The center said: A new report issued by the program showed that United Nations that Public debt Growing strangles countries Africa Sub-Saharan Africa, noting that debt service represents 50 percent of government revenues in Angola, Kenya, Malawi, Rwanda, Uganda and Zambia.

According to “UnctadThe debt growth rate in developing countries is twice the global rate. For example, African debt grew to more than 60 percent by 2024.

Restructuring

The African Development Bank says Africa needs urgent debt restructuring, more favorable lending terms and about $25 billion for the African Development Fund.

5 times

Interregional added that between 2000 and 2020, Africa’s external debt increased more than fivefold, representing nearly 65 percent of its GDP in 2022.

After nearly 3 years of “Covid-19”, the debt crisis in sub-Saharan Africa is still worsening and escalating, despite local and international efforts to confront the repercussions of global shocks, in light of the rising costs of debt interest, the increase in the cost of food and energy, and the decline in Currency.

“With rising public debt resulting from declining tax revenues and rising interest rates, development in sub-Saharan Africa is facing a major obstacle, as poor financial conditions limit governments’ ability to invest,” Interregional continued.

Negative indicators

Interregional pointed out that there are key indicators that clarify the current state of African debt, most notably: the continued rise in the average debt-to-GDP ratio.

According to the African Union, the average debt-to-GDP ratio is gross domestic product In Africa, it is expected to remain high at 65 percent through 2024, due to growing financing needs and higher debt servicing costs.

According to the International Monetary Fund, the ratio of debt interest payments to Government revenues In sub-Saharan Africa, the rate of malnutrition, which stands at about 10.5 percent, has doubled over the past decade, becoming about three times that of developed countries.

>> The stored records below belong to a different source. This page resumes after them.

Inductive poly_fun : (R -> R) -> Prop :=
  | poly_const c : poly_fun (fun _ => c)
  | poly_id : poly_fun (fun x => x)
  | poly_plus f g : poly_fun f -> poly_fun g -> poly_fun (fun x => f x + g x)
  | poly_mult f g : poly_fun f -> poly_fun g -> poly_fun (fun x => f x * g x)
  | poly_ext f g : (forall x, f x = g x) -> poly_fun f -> poly_fun g.

Lemma poly_fun_is_derive f :
  poly_fun f -> exists f', poly_fun f' /\ forall x, is_derive f x (f' x).
Proof.
  induction 1 as [c| |f g _ [f' [Pf' Df]] _ [g' [Pg' Dg]]
                 |f g Pf [f' [Pf' Df]] Pg [g' [Pg' Dg]]|f g Efg _ [f' [Pf' Df]]].
  - exists (fun _ => 0); split; [apply poly_const|].
    intros x; apply (@is_derive_const R_AbsRing R_NormedModule).
  - exists (fun _ => 1); split; [apply poly_const|].
    intros x; apply (@is_derive_id R_AbsRing).
  - exists (fun x => f' x + g' x); split; [now apply poly_plus|].
    intros x; now apply (@is_derive_plus R_AbsRing R_NormedModule).
  - exists (fun x => f' x * g x + f x * g' x); split.
    + apply poly_plus; apply poly_mult; assumption.
    + intros x; now apply Derive.is_derive_mult.
  - exists f'; split; [exact Pf'|].
    intros x; apply (is_derive_ext f); auto.
Qed.

Lemma poly_fun_Derive_n f n :
  poly_fun f -> exists g, poly_fun g /\ forall x, Derive_n f n x = g x.
Proof.
  intros Pf; induction n as [|n [g [Pg Eg]]]; [now exists f|].
  destruct (poly_fun_is_derive g Pg) as [g' [Pg' Dg]].
  exists g'; split; [exact Pg'|].
  intros x; simpl; rewrite (Derive_ext _ _ x Eg).
  now apply is_derive_unique.
Qed.

Lemma ex_derive_Derive_n_poly f n x : poly_fun f -> ex_derive (Derive_n f n) x.
Proof.
  intros Pf; destruct (poly_fun_Derive_n f n Pf) as [g [Pg Eg]].
  destruct (poly_fun_is_derive g Pg) as [g' [_ Dg]].
  exists (g' x); apply (is_derive_ext g); auto.
Qed.

Lemma poly_fun_pow f n : poly_fun f -> poly_fun (fun x => f x ^ n).
Proof.
  intros Pf; induction n as [|n IH]; [exact (poly_const 1)|].
  now apply poly_mult.
Qed.

Lemma poly_fun_chebT n : poly_fun (chebT n).
Proof.
  enough (poly_fun (fun t => fst (cheb_pair n t)) /\ poly_fun (fun t => snd (cheb_pair n t)))
    by easy.
  induction n as [|n [IH1 IH2]]; [split; [exact (poly_const 1)|exact poly_id]|].
  split; [exact IH2|]; simpl.
  apply (poly_ext (fun t => 2 * t * snd (cheb_pair n t) + (-1) * fst (cheb_pair n t)));
    [intros; ring|].
  apply poly_plus; repeat apply poly_mult; auto using poly_const, poly_id.
Qed.

Definition Ynorm (k l : nat) : R := / sqrt (a_kl k l) * sqrt ((2 * INR l + 1) / (2 * PI)).

Definition Yradial (k l : nat) (c : R) : R := sin c ^ l * chebT_der (k + 1) (l + 1) (cos c).

Lemma Ysph_separated k l m p t c :
  Ysph k l m p t c = Ynorm k l * ym m p * legK l (Z.abs_nat m) (cos t) * Yradial k l c.
Proof. unfold Ysph, Ylm, Ynorm, Yradial; ring. Qed.

Lemma ex_derive_ym m p : ex_derive (ym m) p.
Proof. unfold ym; destruct (0 <? m)%Z, (m =? 0)%Z; auto_derive; auto. Qed.

Lemma ex_derive_legK l j u : -1 < u < 1 -> ex_derive (legK l j) u.
Proof.
  intros Hu; unfold legK, assocP; auto_derive; repeat split; [nra|].
  apply ex_derive_Derive_n_poly, poly_fun_pow.
  apply (poly_ext (fun s => s * s + (-1))); [intros; simpl; ring|].
  apply poly_plus; [apply poly_mult|]; auto using poly_id, poly_const.
Qed.

Lemma ex_derive_Yradial k l c : ex_derive (Yradial k l) c.
Proof.
  unfold Yradial, chebT_der; auto_derive; repeat split.
  apply ex_derive_Derive_n_poly, poly_fun_chebT.
Qed.

Lemma cos_sin_INR_mult_eq p q n : cos p = cos q -> sin p = sin q ->
  cos (INR n * p) = cos (INR n * q) /\ sin (INR n * p) = sin (INR n * q).
Proof.
  intros Hc Hs; induction n as [|n [IHc IHs]]; [now rewrite !Rmult_0_l|].
  rewrite S_INR, !(Rmult_plus_distr_r _ 1), !Rmult_1_l.
  now rewrite cos_plus, sin_plus, cos_plus, sin_plus, IHc, IHs, Hc, Hs.
Qed.

Lemma ym_eq_cos_sin m p q : cos p = cos q -> sin p = sin q -> ym m p = ym m q.
Proof.
  intros Hc Hs; unfold ym.
  destruct (0 <? m)%Z eqn:Hm; [|destruct (m =? 0)%Z; [reflexivity|]].
  - apply Z.ltb_lt in Hm; rewrite <- (Z2Nat.id m), <- INR_IZR_INZ by lia.
    now apply cos_sin_INR_mult_eq.
  - rewrite <- (Z2Nat.id (Z.abs m)), <- INR_IZR_INZ by lia.
    now apply cos_sin_INR_mult_eq.
Qed.

Lemma Derive_Ysph_phi k l m p t c : Derive (fun p => Ysph k l m p t c) p =
  Ynorm k l * Derive (ym m) p * legK l (Z.abs_nat m) (cos t) * Yradial k l c.
Proof.
  apply is_derive_unique.
  apply (is_derive_ext
           (fun p => Ynorm k l * ym m p * legK l (Z.abs_nat m) (cos t) * Yradial k l c));
    [intros; symmetry; apply Ysph_separated|].
  auto_derive; [apply ex_derive_ym|].
  change (fun x => ym m x) with (ym m); ring.
Qed.

Lemma Derive_Ysph_theta k l m p t c : 0 < sin t -> Derive (fun t => Ysph k l m p t c) t =
  Ynorm k l * ym m p * (Derive (legK l (Z.abs_nat m)) (cos t) * - sin t) * Yradial k l c.
Proof.
  intros Ht; apply is_derive_unique.
  apply (is_derive_ext
           (fun t => Ynorm k l * ym m p * legK l (Z.abs_nat m) (cos t) * Yradial k l c));
    [intros; symmetry; apply Ysph_separated|].
  assert (Hcos : -1 < cos t < 1) by (pose proof (sin2_cos2 t); unfold Rsqr in *; nra).
  auto_derive; [now apply ex_derive_legK|].
  change (fun x => legK l (Z.abs_nat m) x) with (legK l (Z.abs_nat m)); ring.
Qed.

Lemma Derive_Ysph_chi k l m p t c : Derive (fun c => Ysph k l m p t c) c =
  Ynorm k l * ym m p * legK l (Z.abs_nat m) (cos t) * Derive (Yradial k l) c.
Proof.
  apply is_derive_unique.
  apply (is_derive_ext
           (fun c => Ynorm k l * ym m p * legK l (Z.abs_nat m) (cos t) * Yradial k l c));
    [intros; symmetry; apply Ysph_separated|].
  auto_derive; [apply ex_derive_Yradial|].
  change (fun x => Yradial k l x) with (Yradial k l); ring.
Qed.

Lemma polar_angle_exists a b : a ^ 2 + b ^ 2 = 1 ->
  exists p, 0 <= p < 2 * PI /\ cos p = a /\ sin p = b.
Proof.
  intros Hab; assert (Ha : -1 <= a <= 1) by nra.
  pose proof PI_RGT_0; pose proof (acos_bound a).
  assert (Hsin : sin (acos a) = Rabs b).
  { rewrite sin_acos, <- sqrt_Rsqr_abs by exact Ha; f_equal; unfold Rsqr; nra. }
  destruct (Rle_or_lt 0 b) as [Hb|Hb].
  - exists (acos a); rewrite cos_acos, Hsin, Rabs_pos_eq by assumption; split; [lra|auto].
  - assert (0 < acos a).
    { destruct (proj1 (acos_bound a)) as [|Hz]; [assumption|].
      assert (a = 1) by (rewrite <- (cos_acos a Ha), <- Hz; apply cos_0).
      subst; nra. }
    exists (2 * PI - acos a); split; [lra|].
    rewrite cos_minus, sin_minus, cos_2PI, sin_2PI, cos_acos, Hsin, Rabs_left by assumption.
    split; ring.
Qed.

Lemma sin_acos_pos d : -1 < d < 1 -> 0 < sin (acos d) /\ sin (acos d) ^ 2 = 1 - d ^ 2.
Proof.
  intros Hd; rewrite sin_acos by lra; split.
  - apply sqrt_lt_R0; unfold Rsqr; nra.
  - rewrite pow2_sqrt; unfold Rsqr; nra.
Qed.

Lemma sph_coords_exist a b c d : a ^ 2 + b ^ 2 + c ^ 2 + d ^ 2 = 1 -> 0 < a ^ 2 + b ^ 2 ->
  exists p t x, is_sph_coords (a, b, c, d) p t x.
Proof.
  intros Hsph Hab.
  assert (Hd : -1 < d < 1) by nra.
  destruct (sin_acos_pos d Hd) as [Hsx Hsx2].
  set (x := acos d) in *; set (c' := c / sin x).
  assert (Hc' : -1 < c' < 1).
  { assert (c' ^ 2 < 1); [|nra].
    unfold c', Rdiv; rewrite Rpow_mult_distr, pow_inv, Hsx2.
    apply (Rmult_lt_reg_r (1 - d ^ 2)); [nra|]. field_simplify; nra. }
  destruct (sin_acos_pos c' Hc') as [Hst Hst2].
  set (t := acos c') in *.
  assert (Hr2 : (sin t * sin x) ^ 2 = a ^ 2 + b ^ 2).
  { rewrite Rpow_mult_distr, Hst2, Hsx2; unfold c', Rdiv; rewrite Rpow_mult_distr, pow_inv, Hsx2.
    field_simplify; [lra|nra]. }
  assert (Hr : 0 < sin t * sin x) by nra.
  destruct (polar_angle_exists (a / (sin t * sin x)) (b / (sin t * sin x))) as [p [Hp [Hcp Hsp]]].
  { unfold Rdiv; rewrite !Rpow_mult_distr, pow_inv, Hr2; field; lra. }
  exists p, t, x; split.
  - pose proof (acos_bound c'); pose proof (acos_bound d); unfold sph_range, t, x; lra.
  - unfold sph; rewrite Hcp, Hsp; unfold t, x; rewrite !cos_acos by lra; fold x.
    fold t; unfold c'; repeat f_equal; field; lra.
Qed.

The credit rating agency expects Fitch The percentage is expected to reach 40 percent in Nigeria and 28 percent in Kenya, for example, by 2024.

liquidity drought

And according to International Monetary Fundthen Cash flow For most African economies, the global shocks of the past three years and government spending driven by more debt have dried up, leaving many African countries with a heavy debt load.

According to the World Bank, nine African countries are currently in debt distress, while about 15 others are at “high risk” of not being able to meet repayment requirements.

Some 19 African countries are expected to spend more than a fifth of their revenues in 2024 on external debt service.

Some African countries are likely to go into debt restructuring in 2024, as debt restructuring has become necessary to restore debt burdens to sustainable levels.